Stored data
BEGIN

Lemma laplace_rv_shift_le d (T : measurableType d) (P : probability T R)
    b (X : T -> R) t (B B' : set R) :
  0 < b -> laplace_rv P b X -> measurable B -> measurable B' ->
  (forall x, B (x + t) -> B' x) ->
  (P (X @^-1` B) <= (expR (`|t| / b))%:E * P (X @^-1` B'))%E.
Proof.
move=> b0 [_ lawX] mB mB' BB'.
have mshift : measurable_fun [set: R] (shift t : R -> R) by exact: measurable_funD.
have mpdf D : measurable_fun D (fun x => (laplace_pdf b x)%:E).
  by apply/measurable_EFinP/measurable_funTS; exact: measurable_laplace_pdf.
have pdf_ge0 x : (0 <= (laplace_pdf b x)%:E)%E.
  by rewrite lee_fin laplace_pdf_ge0 ?ltW.
have mBt : measurable (shift t @^-1` B) by rewrite -[X in measurable X]setTI; exact: mshift.
rewrite !lawX// (ge0_integral_shift t B _ mB (mpdf B) (fun x _ => pdf_ge0 x)).
apply: (@le_trans _ _ (\int[mu]_(x in shift t @^-1` B)
    ((expR (`|t| / b))%:E * (laplace_pdf b x)%:E))%E).
  apply: ge0_le_integral => //.
  - apply/measurable_EFinP/measurable_funTS.
    exact: measurableT_comp (measurable_laplace_pdf b) mshift.
  - by apply: measurable_funeM; exact: mpdf.
  - by move=> x _; rewrite -EFinM lee_fin laplace_pdf_shift_le.
rewrite ge0_integralZl//; last exact: mpdf.
rewrite lee_wpmul2l ?lee_fin ?expR_ge0//.
apply: ge0_subset_integral => //; exact: mpdf.
Qed.
End laplace.

Lemma lee_prod (R : realType) (I : eqType) (s : seq I) (x y : I -> \bar R) :
  (forall i, i \in s -> (0 <= x i)%E) -> (forall i, i \in s -> (x i <= y i)%E) ->
  (\prod_(i <- s) x i <= \prod_(i <- s) y i)%E.
Proof.
move=> x0 xy; rewrite big_seq [leRHS]big_seq.
suff /andP[] : (0 <= \prod_(i <- s | i \in s) x i <= \prod_(i <- s | i \in s) y i)%E by [].
elim/big_ind2 : _ => [|a1 a2 b1 b2 /andP[a0 a12] /andP[b0 b12]|i si].
- by rewrite lee01 lexx.
- by rewrite mule_ge0 ?lee_pmul.
- by rewrite x0 ?xy.
Qed.

Section cylinder.
Context {T : Type} {R : realType} {I : eqType} (X : I -> T -> R).

Definition cylinder (J : seq I) (B : I -> set R) : set T :=
  \big[setI/setT]_(i <- J) (X i @^-1` B i).

Lemma cylinderP J B w : cylinder J B w <-> (forall i, i \in J -> B i (X i w)).
Proof.
rewrite /cylinder; elim: J => [|i J IHJ]; first by rewrite big_nil.
rewrite big_cons; split => [[Bi /IHJ BJ] j|BJ].
  by rewrite inE => /predU1P[->//|]; exact: BJ.
split; first by apply: BJ; rewrite mem_head.
by apply/IHJ => j jJ; apply: BJ; rewrite inE jJ orbT.
Qed.
End cylinder.

Section measurable_cylinder.
Context {d} {T : measurableType d} {R : realType} {I : eqType} (X : I -> T -> R).

Lemma measurable_cylinder J B : (forall i, measurable_fun setT (X i)) ->
  (forall i, measurable (B i)) -> measurable (cylinder X J B).
Proof.
move=> mX mB; rewrite /cylinder; elim: J => [|i J IHJ]; first by rewrite big_nil.
by rewrite big_cons; apply: measurableI => //; rewrite -[X in measurable X]setTI; exact: mX.
Qed.

Lemma independent_cylinder_le (P : probability T R) J B B' (c : I -> R) :
  mutually_independent P X -> uniq J ->
  (forall i, measurable (B i)) -> (forall i, measurable (B' i)) ->
  (forall i, i \in J -> P (X i @^-1` B i) <= (c i)%:E * P (X i @^-1` B' i))%E ->
  (P (cylinder X J B) <= (\prod_(i <- J) c i)%:E * P (cylinder X J B'))%E.
Proof.
move=> indX uJ mB mB' BB'.
rewrite /cylinder !indX// -prodEFin -big_split/=.
by apply: lee_prod => // i _; exact: measure_ge0.
Qed.
End measurable_cylinder.

Lemma ler_mul_expR_gt0 (R : realType) (x y : R) :
  (forall e, 0 < e -> x <= expR e * y) -> x <= y.
Proof.
move=> xy; have [y_le0|y_gt0] := leP y 0.
  by apply: le_trans (xy 1 ltr01) _; rewrite ler_neMl// ltW// pexpR_gt1.
apply/ler_addgt0Pr => r r_gt0.
have yr_gt1 : 1 < (y + r) / y by rewrite ltr_pdivlMr// mul1r ltrDl.
apply: le_trans (xy _ (ln_gt0 yr_gt1)) _.
by rewrite lnK ?divfK ?gt_eqF// posrE (lt_trans _ yr_gt1).
Qed.

Lemma lee_mul_expR_gt0 (R : realType) (x y : \bar R) :
  (forall e : R, 0 < e -> (x <= (expR e)%:E * y)%E) -> (x <= y)%E.
Proof.
case: y => [y| |] xy; last 2 first.
- exact: leey.
- by have := xy 1 ltr01; rewrite gt0_muleNy ?lte_fin ?expR_gt0.
case: x xy => [x| |] xy; last by rewrite leNye.
  by rewrite lee_fin; apply: ler_mul_expR_gt0 => e /xy; rewrite -EFinM lee_fin.
by have := xy 1 ltr01; rewrite -EFinM leye_eq.
Qed.

(* Enumerates int as 0, -1, 1, -2, ..., so that grid cells can be indexed by nat, as
   countable additivity requires. *)
Definition int_of_nat (m : nat) : int := if odd m then Negz m./2 else Posz m./2.

Definition nat_of_int (z : int) : nat :=
  match z with Posz k => k.*2 | Negz k => k.*2.+1 end.

Lemma int_of_natK : cancel int_of_nat nat_of_int.
Proof.
move=> m; rewrite /int_of_nat; have := odd_double_half m.
by case: (odd m) => /= halfE; rewrite -[RHS]halfE.
Qed.

Lemma nat_of_intK : cancel nat_of_int int_of_nat.
Proof. by case=> k; rewrite /int_of_nat /= odd_double ?doubleK ?uphalf_double. Qed.

Section grid.
Context {R : realType} (dl : R).
Hypothesis dl_gt0 : 0 < dl.

Definition grid_point (m : nat) : R := (int_of_nat m)%:~R * dl.

Lemma grid_pointE m x :
  (grid_point m <= x < grid_point m + dl) = (Num.floor (x / dl) == int_of_nat m).
Proof.
by rewrite floor_eq ler_pdivlMr// ltr_pdivrMr// intrD mulrDl mul1r.
Qed.

Lemma grid_point_cover x : exists m, grid_point m <= x < grid_point m + dl.
Proof. by exists (nat_of_int (Num.floor (x / dl))); rewrite grid_pointE nat_of_intK. Qed.

Lemma grid_point_inj x m m' : grid_point m <= x < grid_point m + dl ->
  grid_point m' <= x < grid_point m' + dl -> m = m'.
Proof.
rewrite !grid_pointE => /eqP floor_m /eqP; rewrite floor_m.
by move/(congr1 nat_of_int); rewrite !int_of_natK.
Qed.
End grid.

END

### Task requirements
Check every line of the entries above for the word "mpdf" and report how many lines contain it, giving the number only.

### Answer to the exercise
5